Thursday, January 9, 2014

Don't press pause


The waiting game of infertility.  You’re living life in slow motion waiting for test results, ovulation, various treatments, to start the cycle over...more waiting. In the beginning of infertility you are on a quest to find out any and all information you can find as you should.  You need to educate yourself and find out all of your options.  However, it can quickly become an obsession. You can’t focus, can’t sleep, can’t talk about or do anything else. It’s like you're frozen.  Your dreams of a baby are on hold for an indefinite amount of time but your life isn’t. Doing these things can help you keep living no matter what the outcome this journey will be:

Dream. I encourage you to dream.  Our lives are made up of dreams, wishes and expectations.  Before you began this quest for a baby you had other dreams.  Whether it was to travel, get various college degrees, learn to speak another language, become a rapper...something.  Now is the time to make those dreams come true and even create some new ones.

Travel. Travel as much and as often as you can.  I know with the ever rising costs of fertility treatments or if you are saving money for adoption your vacation options are limited.  Get away with your spouse even if it’s a Priceline hotel special an hour away from where you live.  Take a car ride-see the giant ball of twine in Kansas, largest ketchup bottle in Illinois or tallest filing cabinet in Vermont.  Sometimes it’s just good to get away even if it’s just for the day with your spouse or a group of friends.  One unforgettable trip Steve and I took was with three other married couples for White Water Rafting. We all had a limited budget so we found a campsite that had cabins where you could stay for $8 a person per night.  Now it was VERY rustic and looked like it was a set from a horror movie.  It was isolated and deep in the woods and each room consisted of bunk beds.  The bathroom was an outhouse a good 5 minute walk from the cabin and when night came it was dark and the woods were full of noises.  It was so scary that we ended up sharing a room with one of the couples who are very close and dear friends.  We survived the night and our fear by laughing and talking.  The next day we went white water rafting and drove home.  That is by far one of the most fun times in my life and it barely cost $100 for the two of us. 

Learn. Learn something new. We took a much needed break from fertility treatments four years ago.  Infertility had done some serious damage to us emotionally, worn us out physically and our marriage was on the fragile side because we had also taken a break from ministry.  I needed another coping mechanism so I signed up for a few classes at a community college that fit with my work schedule.  I can’t tell you what a great distraction it was during that time.  I couldn’t control when and how I could get pregnant but I could control whether I could get an A on an assignment or an F.  I couldn’t control the sadness and disappointment Steve and I felt but I could control what I was learning.  I would be thrilled each time I made a good grade. It made me feel like a normal human being.  I could blend in for a little while too with my pain undetected. It also allowed me to meet new people and I'm being candid in admitting it was good to have shallow friendships with people where my fertility didn’t come into conversation.  It kept me from being completely isolated but distant enough to feel secure. Then regaining the excitement of learning was also another emotional boost.  We should always challenge ourselves to learn new things, read books and keep growing. 

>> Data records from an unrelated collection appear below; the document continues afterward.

(* There exist a virtually abelian group $G$ and a finite generating set $S$ of $G$ (with $S=S^{-1}$, $e\notin S$) such that every finite-index free abelian subgroup of $G$ contains an element $g$ with $\kappa(g)>0$ and an element $g'$ with $\kappa(g')<0$, curvature computed with respect to $S$.
   Context: For a group $G$ with finite generating set $S$ ($S=S^{-1}$, $e\notin S$), $|x|$ denotes the word length of $x\in G$ with respect to $S$. For $g\in G$ define $\mathrm{Av}(g)=\frac{1}{|S|}\sum_{a\in S}|a^{-1}ga|$, and for $g\neq e$ define the curvature $\kappa(g)=\frac{|g|-\mathrm{Av}(g)}{|g|}$. *)

From HB Require Import structures.
From mathcomp Require Import all_boot all_order all_algebra.
From mathcomp Require Import boolp.
Set Implicit Arguments.
Unset Strict Implicit.
Unset Printing Implicit Defensive.
Import Order.TTheory GRing.Theory Num.Theory.

Section GroupDefs.
Variable G : groupType.
Local Open Scope group_scope.

Definition zpow (g : G) (k : int) : G :=
  match k with
  | Posz n => g ^+ n
  | Negz n => (g ^+ n.+1)^-1
  end.

Definition is_subgroup (H : G -> Prop) : Prop :=
  H 1 /\ (forall x y, H x -> H y -> H (x * y^-1)).

Definition finite_index (H : G -> Prop) : Prop :=
  exists r : seq G, forall g : G, exists2 x, x \in r & H (x^-1 * g).

Definition abelian_sub (H : G -> Prop) : Prop :=
  forall x y, H x -> H y -> x * y = y * x.

Definition free_abelian_sub (H : G -> Prop) : Prop :=
  abelian_sub H /\
  exists (n : nat) (b : 'I_n -> G),
    (forall i, H (b i)) /\
    (forall h, H h -> exists! k : {ffun 'I_n -> int},
        h = (\prod_(i < n) zpow (b i) (k i))%g).

Definition virtually_abelian : Prop :=
  exists H : G -> Prop, [/\ is_subgroup H, finite_index H & abelian_sub H].

Definition sym_gen_set (S : seq G) : Prop :=
  [/\ uniq S, (forall a, a \in S -> a^-1 \in S), 1 \notin S &
      forall g : G, exists w : seq G, all (mem S) w /\ (\prod_(a <- w) a)%g = g].

Definition has_word (S : seq G) (g : G) (n : nat) : Prop :=
  exists w : seq G, [/\ size w = n, all (mem S) w & (\prod_(a <- w) a)%g = g].

(* word length |g| with respect to S (0 if g is not in the span of S) *)
Definition wordlen (S : seq G) (g : G) : nat :=
  match pselect (exists n, `[< has_word S g n >]) with
  | left h => ex_minn h
  | right _ => 0%N
  end.

Local Close Scope group_scope.
Local Open Scope ring_scope.

Definition Av (S : seq G) (g : G) : rat :=
  (\sum_(a <- S) (wordlen S ((a^-1 * g * a)%g))%:R) / (size S)%:R.

Definition kappa (S : seq G) (g : G) : rat :=
  ((wordlen S g)%:R - Av S g) / (wordlen S g)%:R.

End GroupDefs.

(* The group is G = Z^2 ⋊ Z/2, the swap s exchanging the two coordinates,
   generated by S = {x, x^-1, s} with x = (1, 0).  Conjugating a translation
   by x^(±1) does nothing, and conjugating by s swaps its coordinates, so for a
   translation g the average Av(g) = (2|g| + |s g s|) / 3 and the sign of
   kappa(g) is that of |g| - |s g s|.  Now |x^k| = k while
   y^k = s x^k s, y = (0, 1), has length at least k + 2, hence kappa(x^k) < 0
   < kappa(y^k).  Every finite-index subgroup, free abelian or not, contains
   positive powers of both x and y. *)
From HB Require Import structures.
From mathcomp Require Import all_boot all_order all_algebra.
From mathcomp Require Import boolp.
From mathcomp Require Import zify.
Set Implicit Arguments.
Unset Strict Implicit.
Unset Printing Implicit Defensive.
Import Order.TTheory GRing.Theory Num.Theory.
Local Open Scope ring_scope.

Section WordLength.
Variable G : groupType.
Implicit Types (S w : seq G) (g : G).

Lemma prodg_nseq k g : (\prod_(a <- nseq k g) a)%g = (g ^+ k)%g.
Proof. by elim: k => [|k IH]; rewrite ?big_nil // big_cons IH expgS. Qed.

Lemma wordlen_le_size S w g :
  all (mem S) w -> (\prod_(a <- w) a)%g = g -> (wordlen S g <= size w)%N.
Proof.
move=> wS wg; rewrite /wordlen.
case: pselect => [h|[]]; last by exists (size w); apply/asboolP; exists w.
by case: ex_minnP => m _; apply; apply/asboolP; exists w.
Qed.

Lemma lipschitz_le_wordlen S (N : G -> nat) g :
  (forall g, exists w, all (mem S) w /\ (\prod_(a <- w) a)%g = g) ->
  N 1%g = 0%N -> (forall a h, a \in S -> (N (a * h)%g <= (N h).+1)%N) ->
  (N g <= wordlen S g)%N.
Proof.
move=> genS N1 N_lip; rewrite /wordlen.
case: pselect => [h|[]]; last first.
  by have [w [wS wg]] := genS g; exists (size w); apply/asboolP; exists w.
case: ex_minnP => m /asboolP [w [<- wS <-]] _.
elim: w wS => [|a w IH] /=; first by rewrite big_nil N1.
case/andP => aS wS; rewrite big_cons.
by apply: leq_trans (N_lip _ _ aS) _; rewrite ltnS IH.
Qed.

Lemma kappa_gt0 S g :
  (0 < wordlen S g)%N -> (0 < kappa S g) = (Av S g < (wordlen S g)%:R).
Proof. by move=> g_gt0; rewrite pmulr_lgt0 ?invr_gt0 ?ltr0n // subr_gt0. Qed.

Lemma kappa_lt0 S g :
  (0 < wordlen S g)%N -> (kappa S g < 0) = ((wordlen S g)%:R < Av S g).
Proof. by move=> g_gt0; rewrite pmulr_llt0 ?invr_gt0 ?ltr0n // subr_lt0. Qed.

Lemma finite_index_expg_pos (H : G -> Prop) g :
  is_subgroup H -> finite_index H -> exists2 k, (0 < k)%N & H (g ^+ k)%g.
Proof.
move=> [H1 H_div] [r cosets].
have H_ldiv a b : H a -> H b -> H (a^-1 * b)%g.
  have H_inv c : H c -> H c^-1%g by move/(H_div _ _ H1); rewrite mul1g.
  by move=> /H_inv Ha /H_inv Hb; have := H_div _ _ Ha Hb; rewrite invgK.
have /choice [f Hf] : forall i : 'I_(size r).+1,
    exists j : 'I_(size r), H ((nth 1 r j)^-1 * g ^+ i)%g.
  move=> i; have [x xr Hx] := cosets (g ^+ i)%g.
  have xr' : (index x r < size r)%N by rewrite index_mem.
  by exists (Ordinal xr'); rewrite /= nth_index.
have /injectivePn [i [j nij fij]] : ~~ injectiveb f.
  by apply/injectiveP => /leq_card; rewrite !card_ord ltnn.
wlog lt_ij : i j nij fij / (i < j)%N.
  move=> wlog_ij; case: (ltngtP i j) => [|lt_ji|/val_inj eq_ij].
  - exact: wlog_ij.
  - by apply: (wlog_ij j i) => //; rewrite eq_sym.
  - by rewrite eq_ij eqxx in nij.
exists (j - i)%N; first by rewrite subn_gt0.
have := H_ldiv _ _ (Hf i) (Hf j); rewrite fij invgM invgK mulgA mulgK.
by rewrite -{1}(subnKC (ltnW lt_ij)) expgnDr mulKg.
Qed.

End WordLength.

(* [(a, b, e)] is the translation by [(a, b)] followed by the coordinate swap
   when [e] holds, so that [(v, e) * (w, f) = (v + swap^e w, e (+) f)]. *)
Definition ZZswap := (int * int * bool)%type.
HB.instance Definition _ := Choice.on ZZswap.

Definition swap_mul (p q : ZZswap) : ZZswap :=
  let: (a, b, e) := p in let: (c, d, f) := q in
  if e then (a + d, b + c, e (+) f) else (a + c, b + d, e (+) f).
Definition swap_inv (p : ZZswap) : ZZswap :=
  let: (a, b, e) := p in if e then (- b, - a, e) else (- a, - b, e).
Definition swap_one : ZZswap := (0, 0, false).

Lemma swap_mulA : associative swap_mul.
Proof.
by move=> [[a b] []] [[c d] []] [[g h] []] /=; congr (_, _, _); rewrite ?addrA.
Qed.
Lemma swap_mul1 : left_id swap_one swap_mul.
Proof. by move=> [[a b] []] /=; rewrite !add0r. Qed.
Lemma swap_mulg1 : right_id swap_one swap_mul.
Proof. by move=> [[a b] []] /=; rewrite !addr0. Qed.
Lemma swap_mulVg : left_inverse swap_one swap_inv swap_mul.
Proof. by move=> [[a b] []] /=; rewrite !addNr. Qed.
Lemma swap_mulgV : right_inverse swap_one swap_inv swap_mul.
Proof. by move=> [[a b] []] /=; rewrite !addrN. Qed.

HB.instance Definition _ :=
  isGroup.Build ZZswap swap_mulA swap_mul1 swap_mulg1 swap_mulVg swap_mulgV.

Definition transl (a b : int) : ZZswap := (a, b, false).
Definition gx : ZZswap := transl 1 0.
Definition gy : ZZswap := transl 0 1.
Definition gs : ZZswap := (0, 0, true).
Definition S_swap : seq ZZswap := [:: gx; gx^-1; gs]%g.

Lemma transl_mul a b c d : (transl a b * transl c d)%g = transl (a + c) (b + d).
Proof. by []. Qed.

Lemma transl_expg a b k : (transl a b ^+ k)%g = transl (a * k%:Z) (b * k%:Z).
Proof.
elim: k => [|k IH]; first by rewrite !mulr0.
by rewrite expgS IH transl_mul intS !mulrDr !mulr1.
Qed.

Lemma transl_eq1 a b : (transl a b = 1)%g <-> a = 0 /\ b = 0.
Proof. by split=> [[-> ->] | [-> ->]]. Qed.

Lemma conjg_gs_transl a b : (gs^-1 * transl a b * gs)%g = transl b a.
Proof. by rewrite /transl /=; congr (_, _, _); rewrite addr0 add0r. Qed.

Lemma conjg_transl_transl a b c d :
  ((transl c d)^-1 * transl a b * transl c d)%g = transl a b.
Proof. by rewrite /transl /=; congr (_, _, _); lia. Qed.

Lemma transl_word (a : int) :
  exists w, all (mem S_swap) w /\ (\prod_(t <- w) t)%g = transl a 0.
Proof.
case: a => n; [exists (nseq n gx) | exists (nseq n.+1 gx^-1)%g].
all: split; first by elim: n.
- by rewrite prodg_nseq transl_expg mul1r.
- by rewrite prodg_nseq (_ : gx^-1 = transl (-1) 0)%g // transl_expg mulN1r mul0r.
Qed.

Lemma S_swap_generates (g : ZZswap) :
  exists w, all (mem S_swap) w /\ (\prod_(t <- w) t)%g = g.
Proof.
case: g => [[a b] e].
have [[wa [Sa Pa]] [wb [Sb Pb]]] := (transl_word a, transl_word b).
exists (wa ++ gs :: wb ++ gs :: (if e then [:: gs] else [::])); split.
  by rewrite all_cat Sa /= all_cat Sb; case: e.
rewrite big_cat Pa big_cons big_cat Pb big_cons /=.
by case: e; rewrite ?big_cons big_nil /=; congr (_, _, _); lia.
Qed.

Lemma sym_gen_set_S_swap : sym_gen_set S_swap.
Proof.
split=> //; last exact: S_swap_generates.
by move=> t; rewrite !inE => /or3P [] /eqP ->.
Qed.

Lemma virtually_abelian_ZZswap : virtually_abelian ZZswap.
Proof.
exists (fun p : ZZswap => p.2 = false); split.
- by split=> // -[[a b] []] [[c d] []].
- by exists [:: swap_one; gs] => -[[a b] []]; [exists gs | exists swap_one].
- move=> [[a b] []] [[c d] []] //= _ _.
  by rewrite !transl_mul [a + c]addrC [b + d]addrC.
Qed.

(* A letter changes [`|a| + `|b|] by at most one; the extra [2] pays for the
   two letters [gs] needed to move the second coordinate at all. *)
Definition swap_weight (p : ZZswap) : nat :=
  let: (a, b, e) := p in
  (`|a| + `|b| + (if e then 1 else if b != 0 then 2 else 0))%N.

Lemma swap_weight_mulS t p :
  t \in S_swap -> (swap_weight (t * p)%g <= (swap_weight p).+1)%N.
Proof.
case: p => [[c d] f]; rewrite !inE => /or3P [] /eqP -> /=; case: f => /=;
  rewrite ?add0r; case: (d =P 0) => [->|nd] /=.
all: case: (c =P 0) => [->|nc] /=; lia.
Qed.

Lemma swap_weight_le_wordlen g : (swap_weight g <= wordlen S_swap g)%N.
Proof.
by apply: lipschitz_le_wordlen; [exact: S_swap_generates | by [] | exact: swap_weight_mulS].
Qed.

Lemma wordlen_transl_x (k : nat) : wordlen S_swap (transl k 0) = k.
Proof.
apply/eqP; rewrite eqn_leq; apply/andP; split.
  rewrite -[leqRHS](size_nseq k gx); apply: wordlen_le_size; first by elim: k.
  by rewrite prodg_nseq transl_expg mul1r.
by have := swap_weight_le_wordlen (transl k 0); rewrite /= !addn0.
Qed.

Lemma wordlen_transl_y (k : nat) :
  (0 < k)%N -> (k.+2 <= wordlen S_swap (transl 0 k))%N.
Proof.
by move=> k_gt0; have := swap_weight_le_wordlen (transl 0 k); rewrite /= ifT; lia.
Qed.

Lemma Av_transl a b :
  Av S_swap (transl a b) =
  ((wordlen S_swap (transl a b)).*2 + wordlen S_swap (transl b a))%:R / 3%:R.
Proof.
rewrite /Av /S_swap !big_cons big_nil conjg_gs_transl.
rewrite (conjg_transl_transl _ _ 1 0) (conjg_transl_transl _ _ (-1) 0).
by rewrite addr0 addrA -natrD addnn -natrD.
Qed.

Lemma kappa_transl_gt0 a b :
  (wordlen S_swap (transl b a) < wordlen S_swap (transl a b))%N ->
  0 < kappa S_swap (transl a b).
Proof.
move=> lt_ba_ab; rewrite kappa_gt0 ?(leq_ltn_trans _ lt_ba_ab) // Av_transl.
rewrite ltr_pdivrMr // -natrM ltr_nat; lia.
Qed.

Lemma kappa_transl_lt0 a b :
  (0 < wordlen S_swap (transl a b) < wordlen S_swap (transl b a))%N ->
  kappa S_swap (transl a b) < 0.
Proof.
case/andP=> ab_gt0 lt_ab_ba; rewrite kappa_lt0 // Av_transl.
rewrite ltr_pdivlMr // -natrM ltr_nat; lia.
Qed.

Theorem mainTheorem4 :
  exists (G : groupType) (S : seq G),
    [/\ virtually_abelian G, sym_gen_set S &
      forall H : G -> Prop,
        is_subgroup H -> finite_index H -> free_abelian_sub H ->
        (exists g : G, [/\ H g, g <> 1%g & 0 < kappa S g]) /\
        (exists g' : G, [/\ H g', g' <> 1%g & kappa S g' < 0])].
Proof.
exists ZZswap, S_swap; split.
- exact: virtually_abelian_ZZswap.
- exact: sym_gen_set_S_swap.
move=> H H_sub H_fin _; split.
- have [k k_gt0] := finite_index_expg_pos gy H_sub H_fin.
  rewrite transl_expg mul0r mul1r => Hk.
  exists (transl 0 k); split=> //; first by case/transl_eq1; lia.
  apply: kappa_transl_gt0; rewrite wordlen_transl_x.
  exact: ltnW (wordlen_transl_y k_gt0).
- have [k k_gt0] := finite_index_expg_pos gx H_sub H_fin.
  rewrite transl_expg mul0r mul1r => Hk.
  exists (transl k 0); split=> //; first by case/transl_eq1; lia.
  apply: kappa_transl_lt0; rewrite wordlen_transl_x k_gt0 /=.
  exact: ltnW (wordlen_transl_y k_gt0).
Qed.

Create.  What are your hobbies and interests? Don’t have any?  Get some!  The world of Pinterest and Youtube tutorials has opened up so many doors for the non-crafty that anyone can make a milk carton into a pirate ship or something like that.  I love to draw and paint.  The nights that I am having a hard time sleeping or need something to do other than worry I like to get artsy-craftsy.  I love this quote by Joss Whedon:




Just create something. If you are good at something like jewelry, knitting or pottery I would even encourage you to think about selling it.  You could set up an Etsy shop because again fertility treatments and adoption ain't cheap!  That is how the bakery began for us as an additional source of income for that very reason.  You will be surprised how healing it can be to create or finish something.  You don't have to make crafts or some museum worthy art piece.  You can learn to cook or bake better. Start keeping a journal, taking pictures of cats, run a marathon or even a DIY home improvement project. A few years ago some friends and I trained and ran a 5k. I am not athletic nor had I ever ran before so to say it was hard is putting it lightly. But the feeling I felt crossing the finish line with my friends was indescribable. I was able to cross something off my bucket list. The sense of accomplishment you'll get when completing projects will help ease the anxiety of waiting.  

One of my all time favorite quotes is “It’s never too late to become what you might have been.”  It’s never too late for us to dream.  Make a list right now if you haven’t already of non-baby related goals for this year or your life long bucket list. I’m not saying give up or get distracted from fertility treatments just have other focuses too. When you finally receive your answer to prayers you won’t always (or ever) have the time to go after certain dreams.  Not that you’ll mind the sacrifice! And if you never have children of your own, you will still have a life full of photos, memories, friendships and accomplishments that many others never have.  You’re hopes of having a family are on on pause but you life isn’t.  Go live. Stop reading this blog and do something!